Theodore Vorburger, Ph.D. of the National Institute of Standards and Technology (Gaithersburg, MD), editor and past chair of the B46.1 document, points to the importance of nanometer-level measurement and its inclusion in B46.

"The nanometer level surface texture measurement is important because it is the measurement of very smooth surfaces and very smooth surfaces are becoming more and more technologically important," Vorburger says. "Surfaces such as optics, semiconductors, and even the surface of smooth mechanical parts are becoming more and more used. All of those parts have roughness down in the nanometer level -- say 100 nanometers or less."

Fractal analysis
Most people think in terms of Euclidean geometry, but to understand fractal analysis, it helps to take a quick lesson in fractal geometry, according to Chris Brown, manufacturing engineering program director and surface metrology lab director, at the Worchester Polytechnic Institute (Worcester, MA).

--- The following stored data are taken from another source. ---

(* Let $\ell$ be a positive integer and $n$ an integer such that $a:=n/\ell\in\mathbb Z$ and $n\ell+\ell^2>0$. For $u,v\in\mathbb C$, $\tau\in\mathbb H$, $n'\in\mathbb R$ and $\ell'\in\mathbb Z$ define $$\chi_{\mathsf A^{n,\ell}_{n',\ell'}}(u,v;\tau)=-i\,\frac{\theta_1(u;\tau)}{\eta(\tau)^3}\sum_{m\in\mathbb Z}\frac{(-1)^{k}e^{2\pi i v k}\,e^{2\pi i u(ak+n'+\frac12)}\,e^{\pi i\tau k(k(2a+1)+2n'+1)}}{1-e^{2\pi i(u+k\tau)}},\qquad k=m\ell+\ell',$$ for $u$ such that no denominator vanishes. Then, writing $y=e^{2\pi i v}$, $z=e^{2\pi i u}$, $$\chi_{\mathsf A^{n,\ell}_{n',\ell'}}(u+1,v;\tau)=e^{2\pi i(a\ell'+n')}\chi_{\mathsf A^{n,\ell}_{n',\ell'}}(u,v;\tau),\qquad \chi_{\mathsf A^{n,\ell}_{n',\ell'}}(u+\tau,v;\tau)=y^{-1}\chi_{\mathsf A^{n,\ell}_{n'-a-1,\ell'+1}}(u,v;\tau),$$ $$\chi_{\mathsf A^{n,\ell}_{n',\ell'}}(u,v+1;\tau)=\chi_{\mathsf A^{n,\ell}_{n',\ell'}}(u,v;\tau),\qquad \chi_{\mathsf A^{n,\ell}_{n',\ell'}}(u,v+\tau;\tau)=z^{-1}\chi_{\mathsf A^{n,\ell}_{n'+1,\ell'}}(u,v;\tau),$$ and more generally, for every $\alpha\in\mathbb R$, $$\chi_{\mathsf A^{n,\ell}_{n',\ell'}}(u,v+\alpha\tau;\tau)=e^{-2\pi i\alpha u}\,\chi_{\mathsf A^{n,\ell}_{n'+\alpha,\ell'}}(u,v;\tau).$$
   Context: $\theta_1(u;\tau)=-i\sum_{n\in\mathbb Z}(-1)^n e^{\pi i(n+\frac12)^2\tau+2\pi i u(n+\frac12)}$ and $\eta(\tau)=e^{\pi i\tau/12}\prod_{j\ge1}(1-e^{2\pi i j\tau})$. The function $\chi_{\mathsf A^{n,\ell}_{n',\ell'}}$ is the character of the atypical module $\mathsf A^{n,\ell}_{n',\ell'}$ of a W-superalgebra extending $\widehat{\mathfrak{gl}}(1|1)$; here it is taken as defined by the displayed formula. *)

From Stdlib Require Import Reals ZArith.
From Coquelicot Require Import Coquelicot.
Open Scope R_scope.

Definition cexp (z : C) : C :=
  (exp (Re z) * cos (Im z), exp (Re z) * sin (Im z)).

Definition e2pi (z : C) : C := cexp (2 * PI * Ci * z)%C.

Definition clim (s : nat -> C) : C :=
  (real (Lim_seq (fun N => Re (s N))), real (Lim_seq (fun N => Im (s N)))).

(* bilateral sum over Z: limit of the symmetric partial sums
   sum_{m=-N}^{N} f m  (all series below converge absolutely) *)
Definition zsum (f : Z -> C) : C :=
  clim (fun N => sum_n (fun k => f (Z.of_nat k - Z.of_nat N)%Z) (2 * N)).

Fixpoint cprod_part (f : nat -> C) (N : nat) : C :=
  match N with
  | O => 1%C
  | S N' => (cprod_part f N' * f N)%C
  end.
Definition cprod1 (f : nat -> C) : C := clim (cprod_part f).

Definition sgnZ (k : Z) : C := RtoC (powerRZ (-1) k).

Definition theta1 (u tau : C) : C :=
  (- Ci * zsum (fun n =>
      sgnZ n * cexp (PI * Ci * RtoC ((IZR n + /2) ^ 2) * tau
                     + 2 * PI * Ci * u * RtoC (IZR n + /2))))%C.

Definition eta (tau : C) : C :=
  (cexp (PI * Ci * tau / 12) *
   cprod1 (fun j => 1 - e2pi (RtoC (INR j) * tau)))%C.

Definition aZ (n l : Z) : R := IZR (n / l)%Z.

Definition kZ (l l' m : Z) : Z := (m * l + l')%Z.

Definition chiA (n l : Z) (n' : R) (l' : Z) (u v tau : C) : C :=
  let a := aZ n l in
  (- Ci * theta1 u tau / (eta tau ^ 3) *
   zsum (fun m =>
     let k := kZ l l' m in
     let kR := IZR k in
     sgnZ k * e2pi (v * RtoC kR) * e2pi (u * RtoC (a * kR + n' + /2))
       * cexp (PI * Ci * tau * RtoC (kR * (kR * (2 * a + 1) + 2 * n' + 1)))
       / (1 - e2pi (u + RtoC kR * tau))))%C.

Definition admissible (l l' : Z) (u tau : C) : Prop :=
  forall m : Z, (1 - e2pi (u + RtoC (IZR (kZ l l' m)) * tau))%C <> 0%C.

(* Each of the four shifts multiplies every term of the series for [theta1] and
   for the character by one common factor, after reindexing [n -> n + 1] for
   theta and [k -> k + 1] (that is, [l' -> l' + 1]) or [n' -> n' + alpha] for the
   character; the identities then pass to the bilateral sums since all series
   converge geometrically.  The theta terms are Gaussian in [n]; the character
   terms are Gaussian in [k = m l + l'], with quadratic coefficient
   [pi Im tau (2a + 1) > 0] because [a >= 0], over denominators bounded below by
   [1/2] for all but finitely many [m].  A vanishing denominator gives the same
   junk inverse on both sides of a termwise identity. *)

From Stdlib Require Import Reals ZArith Lra Lia Psatz FunctionalExtensionality.
From Coquelicot Require Import Coquelicot.
Open Scope R_scope.

Lemma C_ext (a b : C) : Re a = Re b -> Im a = Im b -> a = b.
Proof. destruct a, b; simpl; intros; subst; reflexivity. Qed.

Ltac C_ext_field := apply C_ext; unfold Re, Im; simpl; field.

Lemma cexp_add (a b : C) : cexp (a + b) = (cexp a * cexp b)%C.
Proof.
  unfold cexp; apply C_ext; unfold Re, Im; simpl;
    rewrite exp_plus, ?cos_plus, ?sin_plus; ring.
Qed.

Lemma Cmod_cexp (z : C) : Cmod (cexp z) = exp (Re z).
Proof.
  unfold cexp, Cmod, Re, Im; simpl.
  replace (_ * (_ * 1) + _ * (_ * 1))
    with (exp (fst z) ^ 2 * ((sin (snd z))² + (cos (snd z))²)) by (unfold Rsqr; ring).
  rewrite sin2_cos2, Rmult_1_r. apply sqrt_pow2. left; apply exp_pos.
Qed.

Lemma cexp_neq0 (z : C) : cexp z <> 0%C.
Proof.
  intro H. apply (f_equal Cmod) in H. rewrite Cmod_cexp, Cmod_0 in H.
  pose proof (exp_pos (Re z)); lra.
Qed.

Lemma cexp_0 : cexp 0 = RtoC 1.
Proof. unfold cexp, Re, Im; simpl. rewrite exp_0, cos_0, sin_0. apply C_ext; simpl; ring. Qed.

Lemma cexp_opp (z : C) : cexp (- z) = (/ cexp z)%C.
Proof.
  assert (H : (cexp (- z) * cexp z)%C = RtoC 1).
  { rewrite <- cexp_add, <- cexp_0. f_equal. ring. }
  rewrite <- (Cmult_1_r (cexp (- z))), <- (Cinv_r (cexp z)) by apply cexp_neq0.
  rewrite Cmult_assoc, H. ring.
Qed.

Lemma cexp_Ci (y : R) : cexp (Ci * RtoC y) = (cos y, sin y).
Proof.
  unfold cexp, Re, Im; simpl.
  replace (0 * y - 1 * 0) with 0 by ring. replace (0 * 0 + 1 * y) with y by ring.
  rewrite exp_0, !Rmult_1_l; reflexivity.
Qed.

Lemma cos_sin_2PI_IZR (k : Z) : cos (2 * IZR k * PI) = 1 /\ sin (2 * IZR k * PI) = 0.
Proof.
  assert (Hnat : forall j : nat, cos (2 * INR j * PI) = 1 /\ sin (2 * INR j * PI) = 0).
  { intro j. rewrite <- (Rplus_0_l (2 * INR j * PI)), cos_period, sin_period.
    split; [apply cos_0 | apply sin_0]. }
  destruct (Z_le_gt_dec 0 k) as [Hk | Hk].
  - rewrite <- (Z2Nat.id k Hk), <- INR_IZR_INZ. apply Hnat.
  - replace k with (- Z.of_nat (Z.to_nat (- k)))%Z by lia.
    rewrite opp_IZR, <- INR_IZR_INZ.
    replace (2 * - INR (Z.to_nat (- k)) * PI) with (- (2 * INR (Z.to_nat (- k)) * PI)) by ring.
    rewrite cos_neg, sin_neg. destruct (Hnat (Z.to_nat (- k))) as [-> ->]. split; ring.
Qed.

Lemma cexp_2PI_IZR (k : Z) : cexp (2 * PI * Ci * RtoC (IZR k)) = RtoC 1.
Proof.
  replace (2 * PI * Ci * RtoC (IZR k))%C with (Ci * RtoC (2 * IZR k * PI))%C by C_ext_field.
  rewrite cexp_Ci. destruct (cos_sin_2PI_IZR k) as [-> ->]. reflexivity.
Qed.

Lemma cexp_PI : cexp (PI * Ci) = (- 1)%C.
Proof.
  replace (PI * Ci)%C with (Ci * RtoC PI)%C by C_ext_field.
  rewrite cexp_Ci, cos_PI, sin_PI. C_ext_field.
Qed.

Lemma Cmod_e2pi (z : C) : Cmod (e2pi z) = exp (- 2 * PI * Im z).
Proof. unfold e2pi. rewrite Cmod_cexp. f_equal. unfold Re, Im; simpl; ring. Qed.

Lemma exp_pow (x : R) (j : nat) : exp x ^ j = exp (x * INR j).
Proof.
  induction j as [| j IH]; simpl pow. { rewrite Rmult_0_r, exp_0; reflexivity. }
  rewrite IH, <- exp_plus, S_INR. f_equal. ring.
Qed.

"Fractal geometry is the geometry of things that are fractured or fragmented, jagged or irregular," says Brown. "Almost all surfaces have got some of the characteristics at a sufficiently fine scale."

For instance, when a part is magnified enough in a traditional way, the shape will eventually look smooth. But according to Brown, with fractal analysis when that same part is magnified with an atomic force microscope, more irregularities are constantly observed.

Finding this irregularity can be used to reject a part, but sometimes that irregularity can be put to work. One example, Brown says, is to try and adhere a thermal spray coating to a substrate. Adhesion strength depends on the topography the material can hold onto.

"When trying to model something like adhesion on a substrate, you need to take into account the fractal nature of the substrate in order to have a good model and predict the good adhesive strength," Brown says. "Using fractal analysis we have been able to predict adhesive strength based on substrate roughness with correlation coefficients of 0.9, which means that 90% of the differences in adhesive strength can be explained by differences in substrate roughness. And that we have done using fractal analysis."

More to come
These changes are just some that can be expected in the future. The standard, according to committee members, is a dynamic and growing document that changes with the times. Project teams are already working on new topics such as functional correlation of gages and 3-D surface texture.

One area that is somewhat in flux is the standard's relationship to the ISO surface standard. According to the experts, both standards have their positives and negatives. One advantage of the ISO standard is that it is an objective, direct standard that says, "Here's how you do this, here's how you do that." The B46 standard is more tutorial. It is meant to be a good reference book as well as a standard.

"The international standards are written as somewhat of an arbitrator," says Malburg. "Unless otherwise specified, this is what you do and it gives one method. The American B46 standard says here are many methods, some that have been used in the past, some that are new. Use the one that best fits your application. It gives a little more tutorial help, and ultimately puts the responsibility on the end user in terms of how to use it."

The ASME standard also keeps older technology on the books, so to speak. For instance, in the ISO standard, 2RC filtering is no longer described in favor of gaussian filtering. However, in the ASME standard, both types of filters are included. "We did this in order to keep this standard compatible with instruments that were in use even before the advent of personal computers," explains Vorburger.

TECH TIPS
The new surface texture revises the 1995 version and is scheduled to be published in about a year.

The standard offers requirements but is also a tutorial explaining surface texture in user-friendly terms.

The standard takes into account the new types of measurement equipment such as atomic force scale and optical equipment.

The new version includes new information on such topics as filtering, fractal analysis, nanomeasurement and optical measurement.